How to Reduce Chrome's Memory Usage (Without Closing Your Work)
Why Chrome eats RAM, which built-in settings actually help, and how to cut memory pressure by parking tabs instead of keeping them alive.
Chrome runs each tab as its own process. That design keeps one crashed page from taking down the browser, but it means every open tab — even one you haven't looked at in days — holds its own slice of memory. With 60 or 80 tabs open, it's normal to see Chrome using the majority of your RAM. Here's how to bring it down without losing anything.
1. Turn on Chrome's Memory Saver
In Settings → Performance, Chrome's Memory Saver puts inactive tabs to sleep and reclaims their memory; the tab reloads when you click it. It helps, but it has limits: sleeping tabs still clutter your tab strip, some sites lose state on reload, and Chrome decides what sleeps — not you.
2. Find the heavy tabs
Chrome's own Task Manager (Window → Task Manager, or Shift+Esc on Windows) shows memory per tab. The usual offenders are web apps left open all day — mail, chat, dashboards, docs — and media-heavy pages. Anything at hundreds of megabytes that you touch twice a day is a candidate for closing and reopening on demand.
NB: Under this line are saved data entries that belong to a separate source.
Section measurable_bip.
Context (R : realType) (d : measure_display) (Omega : measurableType d) (p : nat).
Implicit Types f : nat -> nat -> subsel p -> nat -> nat -> Omega -> R.

Lemma measurable_funV_gt0 (X : Omega -> R) : (forall w, 0 < X w) ->
  measurable_fun setT X -> measurable_fun setT (fun w => (X w)^-1).
Proof.
move=> X_gt0 mX.
rewrite (_ : (fun w => _) = expR \o (fun w => - ln (X w))); last first.
  by apply/funext => w /=; rewrite expRN lnK // posrE.
apply: measurableT_comp; first exact: measurable_expR.
by apply: measurableT_comp; first exact: oppr_measurable; exact: measurableT_comp.
Qed.

Lemma measurable_dev (X : Omega -> R) (c eps : R) : measurable_fun setT X ->
  measurable [set w | eps <= `|X w - c|].
Proof.
move=> mX; rewrite -[X in measurable X]setTI.
apply: measurable_fun_le => //; apply: measurableT_comp; first exact: normr_measurable.
by apply: measurable_funB => //; exact: measurable_cst.
Qed.

Lemma measurable_ltr (X Y : Omega -> R) :
  measurable_fun setT X -> measurable_fun setT Y -> measurable [set w | X w < Y w].
Proof.
move=> mX mY; rewrite -[X in measurable X]setTI.
exact: (measurable_fun_ltr mX mY measurableT (I : measurable [set true])).
Qed.

Lemma measurable_fin_preimage (I : finType) (X : Omega -> I) (A : pred I) :
  (forall i, measurable [set w | X w = i]) -> measurable [set w | X w \in A].
Proof.
move=> mX; rewrite (_ : [set w | _] = \big[setU/set0]_(i | i \in A) [set w | X w = i]).
  exact: bigsetU_measurable.
apply/seteqP; split=> [w /= Aw|w]; first exact: (bigsetU_sup_cond (i := X w)).
by rewrite -(bigcup_seq_cond _ _ (fun i => i \in A)) => -[i /andP[_ Ai] /= ->].
Qed.

Lemma measurable_avg_loglik f z n E :
  (forall e i, measurable_fun setT (f n E z e i)) ->
  measurable_fun setT (avg_loglik f z n E).
Proof.
move=> mf; apply: measurable_funM; first exact: measurable_cst.
apply: measurable_sum => i; apply: measurable_sum => e.
by apply: measurableT_comp; [exact: measurable_ln|exact: mf].
Qed.

Variables (prior : subsel p -> R) (phat ghat : nat -> nat -> subsel p -> nat -> nat -> Omega -> R).
Hypothesis phat_gt0 : forall n E z e i w, 0 < phat n E z e i w.
Hypothesis mphat : forall n E z e i, measurable_fun setT (phat n E z e i).
Hypothesis mghat : forall n E z e i, measurable_fun setT (ghat n E z e i).
(* Let $a,b,g,m,n>0$ and $0<e<1$, and consider the planar system $$\dot x=a-ex-\frac{xy}{1+gy},\qquad \dot y=\frac{xy}{1+gy}-y-\frac{my}{b+ny}.$$ Let $a_1=(eg+1)n$, $a_2=(b+m)(eg+1)+n(e-a)$, $a_3=e(b+m)-ab$, $\Delta=a_2^2-4a_1a_3$, $$a_4=\frac{[en-(b-m)(eg+1)]+\sqrt{4m(eg+1)[ne-b(eg+1)]}}{n},$$ $l=n(eg+g+1)$, $$s_1=(a_1a_3-a_2^2)nl+a_1a_2(en^2+2bl)-a_1^2\left(\frac{b^2l}{n}+2ben+bmg-mn\right),$$ $$s_2=(a_2^3-3a_1a_2a_3)nl+(2a_1^2a_3-a_1a_2^2)(en^2+2bl)+a_1^2a_2\left(\frac{b^2l}{n}+2ben+bmg-mn\right)-2a_1^3eb^2,$$ and $w=s_1\sqrt{\Delta}+s_2$. Suppose $n>\frac{(eg+1)b^2+m(eg+1)b}{me}$ and $a_4<a\le\frac{e(m+b)}{b}$. Let $y_1=\frac{-a_2+\sqrt{\Delta}}{2a_1}$ and $x_1=\frac{a(1+gy_1)}{e+(eg+1)y_1}$, so that $E_1=(x_1,y_1)$ is an endemic equilibrium of the system. Then: (1) if $w<0$, $E_1$ is a stable node or focus; (2) if $w=0$, $E_1$ is a weak center; (3) if $w>0$, $E_1$ is an unstable node or focus.
   Context: The system is a rescaled SIR epidemic model with saturated infection rate and saturated treatment rate. A ''weak center'' means an equilibrium whose Jacobian has zero trace and positive determinant (purely imaginary eigenvalues). *)

From Stdlib Require Import Reals.
From Coquelicot Require Import Coquelicot.
Open Scope R_scope.

Definition sir_f1 (a e g : R) (x y : R) : R := a - e * x - x * y / (1 + g * y).
Definition sir_f2 (b g m n : R) (x y : R) : R :=
  x * y / (1 + g * y) - y - m * y / (b + n * y).

Definition jac11 (a e g : R) (x y : R) : R := Derive (fun u => sir_f1 a e g u y) x.
Definition jac12 (a e g : R) (x y : R) : R := Derive (fun v => sir_f1 a e g x v) y.
Definition jac21 (b g m n : R) (x y : R) : R := Derive (fun u => sir_f2 b g m n u y) x.
Definition jac22 (b g m n : R) (x y : R) : R := Derive (fun v => sir_f2 b g m n x v) y.

Definition jac_trace (a b e g m n x y : R) : R :=
  jac11 a e g x y + jac22 b g m n x y.
Definition jac_det (a b e g m n x y : R) : R :=
  jac11 a e g x y * jac22 b g m n x y - jac12 a e g x y * jac21 b g m n x y.

(* Classification of an equilibrium (x,y) via its Jacobian J:
   stable node or focus  <-> both eigenvalues have negative real part, i.e. det J > 0, tr J < 0;
   unstable node or focus <-> both eigenvalues have positive real part, i.e. det J > 0, tr J > 0;
   weak center (as defined in the paper) <-> tr J = 0, det J > 0. *)
Definition is_equilibrium (a b e g m n x y : R) : Prop :=
  sir_f1 a e g x y = 0 /\ sir_f2 b g m n x y = 0.

Definition stable_node_or_focus (a b e g m n x y : R) : Prop :=
  is_equilibrium a b e g m n x y /\
  jac_det a b e g m n x y > 0 /\ jac_trace a b e g m n x y < 0.
Definition unstable_node_or_focus (a b e g m n x y : R) : Prop :=
  is_equilibrium a b e g m n x y /\
  jac_det a b e g m n x y > 0 /\ jac_trace a b e g m n x y > 0.
Definition weak_center (a b e g m n x y : R) : Prop :=
  is_equilibrium a b e g m n x y /\
  jac_det a b e g m n x y > 0 /\ jac_trace a b e g m n x y = 0.

(* At an equilibrium with y > 0 the second equation reduces to the quadratic
   a1 y^2 + a2 y + a3 = 0, and the hypotheses make its discriminant positive and
   a2 negative, so E1 is an equilibrium with y1 > 0 and 2 a1 y1 + a2 = sqrt Delta.
   The Jacobian determinant at E1 is then y1 sqrt Delta / ((1 + g y1)(b + n y1)) > 0,
   and its trace is minus a cubic in y1 over a positive denominator.  Reducing that
   cubic modulo the quadratic and replacing 2 a1 y1 + a2 by sqrt Delta turns
   -2 a1^3 times it into w, so the trace has the sign of w. *)
From Stdlib Require Import Reals Lra Psatz.
From Coquelicot Require Import Coquelicot.
Open Scope R_scope.

Lemma jac11_eq (a e g x y : R) : 1 + g * y <> 0 ->
  jac11 a e g x y = - e - y / (1 + g * y).
Proof.
  intro Hy; apply is_derive_unique; unfold sir_f1.
  auto_derive; [auto | field; exact Hy].
Qed.

Lemma jac12_eq (a e g x y : R) : 1 + g * y <> 0 ->
  jac12 a e g x y = - x / (1 + g * y) ^ 2.
Proof.
  intro Hy; apply is_derive_unique; unfold sir_f1.
  auto_derive; [auto | field; exact Hy].
Qed.

Lemma jac21_eq (b g m n x y : R) : 1 + g * y <> 0 ->
  jac21 b g m n x y = y / (1 + g * y).
Proof.
  intro Hy; apply is_derive_unique; unfold sir_f2.
  auto_derive; [auto | field; exact Hy].
Qed.

Lemma jac22_eq (b g m n x y : R) : 1 + g * y <> 0 -> b + n * y <> 0 ->
  jac22 b g m n x y = x / (1 + g * y) ^ 2 - 1 - m * b / (b + n * y) ^ 2.
Proof.
  intros Hy Hby; apply is_derive_unique; unfold sir_f2.
  auto_derive; [auto | field; auto].
Qed.

Lemma classify_by_trace_sign (a b e g m n x y w d : R) :
  is_equilibrium a b e g m n x y -> jac_det a b e g m n x y > 0 ->
  0 < d -> jac_trace a b e g m n x y = w / d ->
  (w < 0 -> stable_node_or_focus a b e g m n x y) /\
  (w = 0 -> weak_center a b e g m n x y) /\
  (w > 0 -> unstable_node_or_focus a b e g m n x y).
Proof.
  intros Heq Hdet Hd Htr.
  split; [|split]; intro Hw; (split; [exact Heq | split; [exact Hdet | rewrite Htr]]).
  - now apply Rdiv_neg_pos.
  - rewrite Hw; apply Rdiv_0_l.
  - now apply Rdiv_lt_0_compat.
Qed.

Lemma quadratic_root (p q r y : R) : p <> 0 -> 0 <= q ^ 2 - 4 * p * r ->
  2 * p * y + q = sqrt (q ^ 2 - 4 * p * r) -> p * y ^ 2 + q * y + r = 0.
Proof.
  intros Hp HD Hy.
  assert (Hsq : (2 * p * y + q) ^ 2 = q ^ 2 - 4 * p * r) by (rewrite Hy; now apply pow2_sqrt).
  apply (Rmult_eq_reg_l (4 * p)); [nra | lra].
Qed.

Lemma cubic_at_quadratic_root (a1 a2 a3 c3 c2 c1 c0 y : R) :
  a1 * y ^ 2 + a2 * y + a3 = 0 ->
  ((a1 * a3 - a2 ^ 2) * c3 + a1 * a2 * c2 - a1 ^ 2 * c1) * (2 * a1 * y + a2)
  + ((a2 ^ 3 - 3 * a1 * a2 * a3) * c3 + (2 * a1 ^ 2 * a3 - a1 * a2 ^ 2) * c2
     + a1 ^ 2 * a2 * c1 - 2 * a1 ^ 3 * c0)
  = - 2 * a1 ^ 3 * (c3 * y ^ 3 + c2 * y ^ 2 + c1 * y + c0).
Proof.
  intro Hroot.
  apply Rminus_diag_uniq.
  transitivity ((a1 * y ^ 2 + a2 * y + a3)
                * (2 * a1 ^ 2 * c3 * y + 2 * a1 ^ 2 * c2 - 2 * a1 * a2 * c3)).
  - ring.
  - rewrite Hroot; ring.
Qed.

Lemma sqrt_threshold_gt (k b m n e : R) : 0 < b -> 0 < k -> 0 < m ->
  k * b ^ 2 + m * k * b < n * (m * e) -> 2 * k * b < sqrt (4 * m * k * (n * e - b * k)).
Proof.
  intros Hb Hk Hm Hn.
  rewrite <- (sqrt_pow2 (2 * k * b)) by nra.
  apply sqrt_lt_1_alt; split; nra.
Qed.

Section EndemicEquilibrium.

Variables a b e g m n : R.
Hypotheses (Hb : 0 < b) (Hg : 0 < g) (Hm : 0 < m) (Hn : 0 < n) (He : 0 < e).

Local Notation k := (e * g + 1).
Local Notation a1 := ((e * g + 1) * n).
Local Notation a2 := ((b + m) * (e * g + 1) + n * (e - a)).
Local Notation a3 := (e * (b + m) - a * b).
Local Notation Delta := (a2 ^ 2 - 4 * a1 * a3).
Local Notation l := (n * (e * g + g + 1)).
Local Notation K := (b ^ 2 * l / n + 2 * b * e * n + b * m * g - m * n).
Local Notation s1 := ((a1 * a3 - a2 ^ 2) * n * l + a1 * a2 * (e * n ^ 2 + 2 * b * l)
                      - a1 ^ 2 * K).
Local Notation s2 := ((a2 ^ 3 - 3 * a1 * a2 * a3) * n * l
                      + (2 * a1 ^ 2 * a3 - a1 * a2 ^ 2) * (e * n ^ 2 + 2 * b * l)
                      + a1 ^ 2 * a2 * K - 2 * a1 ^ 3 * e * b ^ 2).
Local Notation x_of y := (a * (1 + g * y) / (e + (e * g + 1) * y)).

Lemma endemic_discriminant_pos :
  ((e * g + 1) * b ^ 2 + m * (e * g + 1) * b) / (m * e) < n ->
  ((e * n - (b - m) * k) + sqrt (4 * m * k * (n * e - b * k))) / n < a ->
  0 < Delta /\ a2 < 0.
Proof.
  intros Hthr Ha4.
  assert (Hk : 0 < k) by nra.
  apply Rlt_div_l in Hthr; [|nra].
  apply Rlt_div_l in Ha4; [|lra].
  pose proof (sqrt_threshold_gt k b m n e Hb Hk Hm Hthr) as Hsq.
  assert (Hne : 0 < n * e - b * k) by nra.
  set (q := 4 * m * k * (n * e - b * k)) in *.
  assert (Hq : sqrt q * sqrt q = q).
  { apply sqrt_sqrt; unfold q.
    apply Rlt_le, Rmult_lt_0_compat; [nra | exact Hne]. }
  (* d = n (a - a4) + sqrt q, so a4 < a gives d > sqrt q *)
  set (d := a * n - (e * n - (b - m) * k)).
  assert (HD : Delta = d ^ 2 - q) by (unfold d, q; ring).
  assert (Ha2 : a2 = 2 * k * b - d) by (unfold d; ring).
  assert (Hd : sqrt q < d) by (unfold d; lra).
  pose proof (sqrt_pos q).
  rewrite HD, Ha2; split; nra.
Qed.

Lemma endemic_denominators_pos y : 0 < y ->
  0 < 1 + g * y /\ 0 < b + n * y /\ 0 < e + k * y.
Proof.
  intro Hy.
  assert (0 < e * g * y) by (repeat apply Rmult_lt_0_compat; assumption).
  repeat split; nra.
Qed.

Lemma endemic_a_eq y : 0 < y -> a1 * y ^ 2 + a2 * y + a3 = 0 ->
  a = (e + k * y) * (b + n * y + m) / (b + n * y).
Proof.
  intros Hy Hroot; destruct (endemic_denominators_pos y Hy) as (H1 & H2 & H3).
  field_simplify_eq; nra.
Qed.

Lemma endemic_is_equilibrium y : 0 < y -> a1 * y ^ 2 + a2 * y + a3 = 0 ->
  is_equilibrium a b e g m n (x_of y) y.
Proof.
  intros Hy Hroot; destruct (endemic_denominators_pos y Hy) as (H1 & H2 & H3).
  unfold is_equilibrium, sir_f1, sir_f2; split.
  - field; repeat split; lra.
  - rewrite (endemic_a_eq y Hy Hroot); field; repeat split; lra.
Qed.

Lemma endemic_jac_det y : 0 < y -> a1 * y ^ 2 + a2 * y + a3 = 0 ->
  jac_det a b e g m n (x_of y) y
  = y * (2 * a1 * y + a2) / ((1 + g * y) * (b + n * y)).
Proof.
  intros Hy Hroot; destruct (endemic_denominators_pos y Hy) as (H1 & H2 & H3).
  unfold jac_det.
  rewrite jac11_eq, jac12_eq, jac21_eq, jac22_eq by lra.
  rewrite (endemic_a_eq y Hy Hroot); field; repeat split; lra.
Qed.

Lemma endemic_jac_trace_cubic y : 0 < y -> a1 * y ^ 2 + a2 * y + a3 = 0 ->
  jac_trace a b e g m n (x_of y) y
  = - (n * l * y ^ 3 + (e * n ^ 2 + 2 * b * l) * y ^ 2 + K * y + e * b ^ 2)
    / ((1 + g * y) * (b + n * y) ^ 2).
Proof.
  intros Hy Hroot; destruct (endemic_denominators_pos y Hy) as (H1 & H2 & H3).
  unfold jac_trace.
  rewrite jac11_eq, jac22_eq by lra.
  rewrite (endemic_a_eq y Hy Hroot); field; repeat split; lra.
Qed.

Lemma endemic_jac_trace y : 0 < y -> a1 * y ^ 2 + a2 * y + a3 = 0 ->
  jac_trace a b e g m n (x_of y) y
  = (s1 * (2 * a1 * y + a2) + s2) / (2 * a1 ^ 3 * ((1 + g * y) * (b + n * y) ^ 2)).
Proof.
  intros Hy Hroot; destruct (endemic_denominators_pos y Hy) as (H1 & H2 & H3).
  assert (Hnum : s1 * (2 * a1 * y + a2) + s2
    = - 2 * a1 ^ 3 * (n * l * y ^ 3 + (e * n ^ 2 + 2 * b * l) * y ^ 2 + K * y + e * b ^ 2)).
  { rewrite <- (cubic_at_quadratic_root _ _ _ _ _ _ _ _ Hroot); ring. }
  rewrite endemic_jac_trace_cubic, Hnum by assumption.
  field; repeat split; nra.
Qed.

End EndemicEquilibrium.

Theorem theorem2p4 (a b e g m n : R) :
  0 < a -> 0 < b -> 0 < g -> 0 < m -> 0 < n -> 0 < e -> e < 1 ->
  let a1 := (e * g + 1) * n in
  let a2 := (b + m) * (e * g + 1) + n * (e - a) in
  let a3 := e * (b + m) - a * b in
  let Delta := a2 ^ 2 - 4 * a1 * a3 in
  let a4 := ((e * n - (b - m) * (e * g + 1))
             + sqrt (4 * m * (e * g + 1) * (n * e - b * (e * g + 1)))) / n in
  let l := n * (e * g + g + 1) in
  let K := b ^ 2 * l / n + 2 * b * e * n + b * m * g - m * n in
  let s1 := (a1 * a3 - a2 ^ 2) * n * l + a1 * a2 * (e * n ^ 2 + 2 * b * l)
            - a1 ^ 2 * K in
  let s2 := (a2 ^ 3 - 3 * a1 * a2 * a3) * n * l
            + (2 * a1 ^ 2 * a3 - a1 * a2 ^ 2) * (e * n ^ 2 + 2 * b * l)
            + a1 ^ 2 * a2 * K - 2 * a1 ^ 3 * e * b ^ 2 in
  let w := s1 * sqrt Delta + s2 in
  n > ((e * g + 1) * b ^ 2 + m * (e * g + 1) * b) / (m * e) ->
  a4 < a -> a <= e * (m + b) / b ->
  let y1 := (- a2 + sqrt Delta) / (2 * a1) in
  let x1 := a * (1 + g * y1) / (e + (e * g + 1) * y1) in
  (w < 0 -> stable_node_or_focus a b e g m n x1 y1) /\
  (w = 0 -> weak_center a b e g m n x1 y1) /\
  (w > 0 -> unstable_node_or_focus a b e g m n x1 y1).
Proof.
  intros Ha Hb Hg Hm Hn He _ a1 a2 a3 Delta a4 l K s1 s2 w Hthr Ha4 _ y1 x1.
  destruct (endemic_discriminant_pos a b e g m n Hb Hg Hm Hn He Hthr Ha4
            : 0 < Delta /\ a2 < 0) as [HDelta Ha2].
  assert (Ha1 : 0 < a1) by (apply Rmult_lt_0_compat; nra).
  assert (Hsqrt : 0 < sqrt Delta) by now apply sqrt_lt_R0.
  assert (Hs : 2 * a1 * y1 + a2 = sqrt Delta).
  { unfold y1; field; lra. }
  assert (Hroot : a1 * y1 ^ 2 + a2 * y1 + a3 = 0).
  { apply quadratic_root; [apply Rgt_not_eq, Ha1 | apply Rlt_le, HDelta | exact Hs]. }
  assert (Hy : 0 < y1) by (unfold y1; apply Rdiv_lt_0_compat; lra).
  destruct (endemic_denominators_pos b e g n Hb Hg Hn He y1 Hy) as (H1 & H2 & _).
  apply (classify_by_trace_sign _ _ _ _ _ _ _ _ w
           (2 * a1 ^ 3 * ((1 + g * y1) * (b + n * y1) ^ 2))).
  - exact (endemic_is_equilibrium a b e g m n Hb Hg Hn He y1 Hy Hroot).
  - unfold x1; rewrite (endemic_jac_det a b e g m n Hb Hg Hn He y1 Hy Hroot).
    fold a1 a2; rewrite Hs.
    apply Rdiv_lt_0_compat; apply Rmult_lt_0_compat; lra.
  - apply Rmult_lt_0_compat; [apply Rmult_lt_0_compat; [lra | apply pow_lt, Ha1] |
      apply Rmult_lt_0_compat; [exact H1 | apply pow_lt, H2]].
  - unfold x1, w; rewrite <- Hs.
    exact (endemic_jac_trace a b e g m n Hb Hg Hn He y1 Hy Hroot).
Qed.
(* There does not exist any generalized right linear one-way jumping finite automaton (GRLOWJFA) that accepts the language $Dc=\{wc: w\in D\}\subseteq\{a,b,c\}^*$, where $D$ is the Dyck language over $\{a,b\}$.
   Context: The Dyck language $D\subseteq\{a,b\}^*$ consists of the words $w$ with $|w|_a=|w|_b$ such that every prefix $u$ of $w$ has $|u|_a\ge|u|_b$ ($a$ opening, $b$ closing bracket; $|w|_a$ counts occurrences of $a$). ''Subword'' means a contiguous factor. A GRLOWJFA is a tuple $\mathcal{A}=(\Sigma,Q,q_0,F,R)$ with $\Sigma$ a finite alphabet, $Q$ a finite state set, $q_0\in Q$, $F\subseteq Q$, and $R\subset Q\times\Sigma^+\times Q$ a finite set of rules such that for each $p\in Q$, $w\in\Sigma^+$ at most one $q$ has $(p,w,q)\in R$ (meaning: go from $p$ to $q$ deleting $w$). $\Sigma_p=\{w:(p,w,q)\in R\text{ for some }q\}$. Configurations lie in $\Sigma^*Q\Sigma^*$. Moves $\curvearrowright$: (1) for $t,u,v\in\Sigma^*$ and $(p,x,q)\in R$: $tpuxv\curvearrowright tuqv$ provided $u$ contains no word of $\Sigma_p$ as a subword and there are no $u_1,x_2\in\Sigma^*$, $u_2,x_1\in\Sigma^+$ with $u=u_1u_2$, $x=x_1x_2$, $u_2x_1=x$; (2) for $x\in\Sigma^+$, $y\in\Sigma^*$ with $y$ containing no word of $\Sigma_p$ as a subword: $xpy\curvearrowright pxy$. The accepted language is $L_{GRL}(\mathcal{A})=\{w\in\Sigma^*: q_0w\curvearrowright^* q_f \text{ for some } q_f\in F\}$. *)

From HB Require Import structures.
From mathcomp Require Import all_boot.
Set Implicit Arguments. Unset Strict Implicit. Unset Printing Implicit Defensive.

Inductive abc := La | Lb | Lc.
Definition abc_eqb (x y : abc) : bool :=
  match x, y with La, La | Lb, Lb | Lc, Lc => true | _, _ => false end.
Lemma abc_eqP : Equality.axiom abc_eqb.
Proof. by case; case; constructor. Qed.
HB.instance Definition _ := hasDecEq.Build abc abc_eqP.

Definition dyck (w : seq abc) : Prop :=
  all (fun x => (x == La) || (x == Lb)) w /\
  count_mem La w = count_mem Lb w /\
  (forall n, count_mem Lb (take n w) <= count_mem La (take n w)).

Definition Dc (w : seq abc) : Prop := exists v, dyck v /\ w = rcons v Lc.

Section GRLOWJFA.
Variables (Sigma : eqType) (Q : finType).
Variable R : seq (Q * seq Sigma * Q).

Definition wf_rules : Prop :=
  (forall p w q, (p, w, q) \in R -> w != [::]) /\
  (forall p w q q', (p, w, q) \in R -> (p, w, q') \in R -> q = q').

Definition no_sub (p : Q) (u : seq Sigma) : Prop :=
  forall w q, (p, w, q) \in R -> ~~ infix w u.

Definition no_overlap (u x : seq Sigma) : Prop :=
  ~ (exists u1 u2 x1 x2 : seq Sigma,
        [/\ u = u1 ++ u2, x = x1 ++ x2, u2 != [::], x1 != [::] & u2 ++ x1 = x]).

(* configuration x p y is represented as (x, p, y) *)
Definition config := (seq Sigma * Q * seq Sigma)%type.

Inductive move : config -> config -> Prop :=
| move_del (t u x v : seq Sigma) (p q : Q) :
    (p, x, q) \in R -> no_sub p u -> no_overlap u x ->
    move (t, p, u ++ x ++ v) (t ++ u, q, v)
| move_jump (x y : seq Sigma) (p : Q) :
    x != [::] -> no_sub p y -> move (x, p, y) ([::], p, x ++ y).

Inductive moves : config -> config -> Prop :=
| moves_refl c : moves c c
| moves_step c1 c2 c3 : move c1 c2 -> moves c2 c3 -> moves c1 c3.

Definition accepts (q0 : Q) (F : {set Q}) (w : seq Sigma) : Prop :=
  exists qf, qf \in F /\ moves ([::], q0, w) ([::], qf, [::]).

End GRLOWJFA.

From HB Require Import structures.
From mathcomp Require Import all_boot.
From mathcomp Require Import zify.
Set Implicit Arguments. Unset Strict Implicit. Unset Printing Implicit Defensive.

(* Suppose an automaton accepts Dc and run it on a^n b^n c.  Call sweep the part of a run between
   two jumps.  On a tape a^s W c, a sweep can delete from the front of the a-block only in short
   bursts: a state met twice with nothing skipped in between closes a loop deleting only a's, which
   can be cut out, yielding an accepted unbalanced word.  So the sweep skips some a's, hence must
   jump later, and it does so while a fixed fraction of the s a's still heads the tape.  Since c is read last, the
   word read by the sweep is c-free.  If the state q reached at the jump began an earlier sweep,
   the words read since then form a c-free loop at q; appending it after c gives a word that is
   accepted (at the jump q matches nothing on the tape, so it reads the appended loop first) but
   does not end in c.  Hence every sweep ends in a fresh state, which a long enough initial block
   makes impossible after #|Q| sweeps. *)

Lemma cat_neq0l (T : eqType) (s1 s2 : seq T) : s1 != [::] -> s1 ++ s2 != [::].
Proof. by case: s1. Qed.

Lemma cat_neq0r (T : eqType) (s1 s2 : seq T) : s2 != [::] -> s1 ++ s2 != [::].
Proof. by case: s1 => //; case: s2. Qed.

Lemma cat_nseq_prefix (T : eqType) (a : T) n r (u z W : seq T) :
  u ++ z = nseq r a ++ W -> n <= size u -> n <= r -> u = nseq n a ++ drop n u.
Proof.
move=> E Hu Hr; rewrite -{1}(cat_take_drop n u); congr (_ ++ _).
by have := congr1 (take n) E; rewrite !takel_cat ?size_nseq // take_nseq.
Qed.

Lemma cat3_nseq (T : eqType) (a : T) r (u x v W : seq T) :
  u ++ x ++ v = nseq r a ++ W -> size u + size x <= r ->
  [/\ u = nseq (size u) a, x = nseq (size x) a & v = nseq (r - size u - size x) a ++ W].
Proof.
move=> E Hr.
have Er : nseq r a = nseq (size u) a ++ nseq (size x) a ++ nseq (r - size u - size x) a.
  by rewrite -!nseqD; congr nseq; lia.
move/eqP: E; rewrite Er -!catA eqseq_cat ?size_nseq // => /andP [/eqP <-].
by rewrite eqseq_cat ?size_nseq // => /andP [/eqP <- /eqP <-].
Qed.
3. Park tabs instead of keeping them alive
The biggest wins come from changing what a "kept" tab is. Most open tabs aren't work in progress — they're bookmarks you're afraid to file. A parked tab costs zero RAM: it's just a labeled icon that opens the site when clicked. Tabrows is built around this — park hundreds of sites as icons in an overlay, grouped into labeled sections, and keep only the tabs you're actively using live.
4. Close whole windows, keep the structure
If your tabs are organized one-project-per-window (see our guide to managing 100+ tabs), memory management becomes trivial: finish a project, close its window, and its RAM comes back at once. With labeled window pills in an overlay you can also minimize a window and still see exactly what's in it — so "out of sight" stops meaning "lost."
Quick checklist
- Memory Saver ON in Chrome's Performance settings.
- Check Chrome's Task Manager for tabs using hundreds of MB.
- Park reference and “later” tabs as icons — zero RAM until clicked.
- One project per labeled window; close the window when the project ends.
- Restart the browser occasionally — long-lived sessions accumulate leaks.